I agree with Matt and Lenny. A copy is a copy is a copy and without proper licensing it's all equally subject to copyright and trademark laws. The damaged party would always be the owner of the copyright or trademark, not a licensee like MM. 

The probability of a big company coming after anyone at a low level of production is small. Unless they are trying to make a sacrificial lamb out of somebody to send a message, the low probability of substantial financial recovery will keep the lawyers at bay. I don't think anyone casting one-off knockoffs in their basement has to worry about a knock on the door - but that possibilty always exists.


----------



## Tazman6069 (Mar 20, 2005)

FLAWLESS ?????? For $65.00 it shouldn't have a pit above back window.For that kind of money i'd be picky. Atleast add some chrome to cover the pitting. But it is still some good work.


----------



## Tazman6069 (Mar 20, 2005)

Oh its the bluee 55 on ebay now


----------



## A/FX Nut (May 28, 2004)

These are nice cars by HO Detriot and MEV, but I can't see paying the prices for them. It's just too much for me to give up. The hobby store I race at recieved 2 MEV cars from REH and they sat on the shelf for several months. One was sold at 1/2 off and the other about 4 months later was purchased at the price marked as a gift for one of our racers.
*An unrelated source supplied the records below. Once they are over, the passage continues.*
(* For the generalized one-way trading problem (GOT) with capacity $C$ and bounds $0<L\le U$, $\theta=U/L$, under Assumption A, the optimal competitive ratio (the smallest competitive ratio achievable by an online algorithm) is $1+\ln\theta$.
   Context: GOT: a single knapsack of capacity $C$; items $n=1,\dots,N$ arrive one at a time. Item $n$ has a size $D_n>0$ and a value function $g_n:[0,D_n]\to\mathbb{R}_{\ge0}$, revealed on arrival. The offline problem is $\max\sum_n g_n(y_n)$ subject to $\sum_n y_n\le C$, $0\le y_n\le D_n$. Assumption A: each $g_n$ is non-decreasing, differentiable and concave, $g_n(0)=0$, and $L\le g_n'\le U$, with $L,U,C$ known in advance. An online algorithm irrevocably chooses $y_n$ upon arrival of item $n$ using only items $1,\dots,n$ and $C,L,U$, keeping the constraints feasible. Its competitive ratio is $\sup_{\mathcal I}\mathrm{OPT}(\mathcal I)/\mathrm{ALG}(\mathcal I)$ over all instances satisfying Assumption A. *)

From Stdlib Require Import Reals List.
Open Scope R_scope.

(** An item: its size D_n and its value function g_n (only its values on
    [0, D_n] are meaningful). *)
Definition item : Type := (R * (R -> R))%type.

Definition dflt_item : item := (1, fun _ => 0).

Fixpoint rsum (f : nat -> R) (n : nat) : R :=
  match n with
  | O => 0
  | S k => rsum f k + f k
  end.

(** Assumption A for one item (D, g): D > 0; g : [0,D] -> R_{>=0} with
    g(0) = 0, non-decreasing, concave, differentiable on [0,D] (one-sided at
    the endpoints, i.e. derivative taken within [0,D]) with L <= g' <= U. *)
Definition assumptionA_item (L U : R) (D : R) (g : R -> R) : Prop :=
  0 < D /\
  g 0 = 0 /\
  (forall x, 0 <= x <= D -> 0 <= g x) /\
  (forall x y, 0 <= x <= D -> 0 <= y <= D -> x <= y -> g x <= g y) /\
  (forall x y t, 0 <= x <= D -> 0 <= y <= D -> 0 <= t <= 1 ->
      t * g x + (1 - t) * g y <= g (t * x + (1 - t) * y)) /\
  exists g' : R -> R,
    (forall x, 0 <= x <= D ->
       limit1_in (fun z => (g z - g x) / (z - x))
                 (fun z => 0 <= z <= D /\ z <> x) (g' x) x) /\
    (forall x, 0 <= x <= D -> L <= g' x <= U).

Definition valid_instance (L U : R) (I : list item) : Prop :=
  Forall (fun it => assumptionA_item L U (fst it) (snd it)) I.

Definition size_of (I : list item) (n : nat) : R := fst (nth n I dflt_item).
Definition val_of (I : list item) (n : nat) : R -> R := snd (nth n I dflt_item).

Definition offline_feasible (C : R) (I : list item) (y : nat -> R) : Prop :=
  (forall n, (n < length I)%nat -> 0 <= y n <= size_of I n) /\
  rsum y (length I) <= C.

Definition value (I : list item) (y : nat -> R) : R :=
  rsum (fun n => val_of I n (y n)) (length I).

(** A deterministic online algorithm (for fixed, known C, L, U) maps the
    sequence of items revealed so far (items 1..n, the last being the current
    one) to the irrevocable decision y_n. *)
Definition online_alg : Type := list item -> R.

Definition decision (alg : online_alg) (I : list item) (n : nat) : R :=
  alg (firstn (S n) I).

Definition online_feasible (C L U : R) (alg : online_alg) : Prop :=
  forall I, valid_instance L U I -> offline_feasible C I (decision alg I).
Randy.


----------



## pickeringtondad (Apr 14, 2005)

*These prices just seems too high to me.*

Forty to Sixty beans it about $20.00 bucks too much - for what I'm seeing on that web site.


----------



## T-jetjim (Sep 12, 2005)

My wife bought me one HO Detroit car and it sits. It is a black fairlane and is beautifully polished. I never race it for fear of damaging it. I collect cars to race not to look at. Unless I great a great deal or a blemish, I don't see me buying cars at the $50/$60 range. I like the looks of a Bauer, but yet to spring for one.

Besides, I just bought 40 T-jet bodies for $26. I have projects for a lifetime!

Jim


----------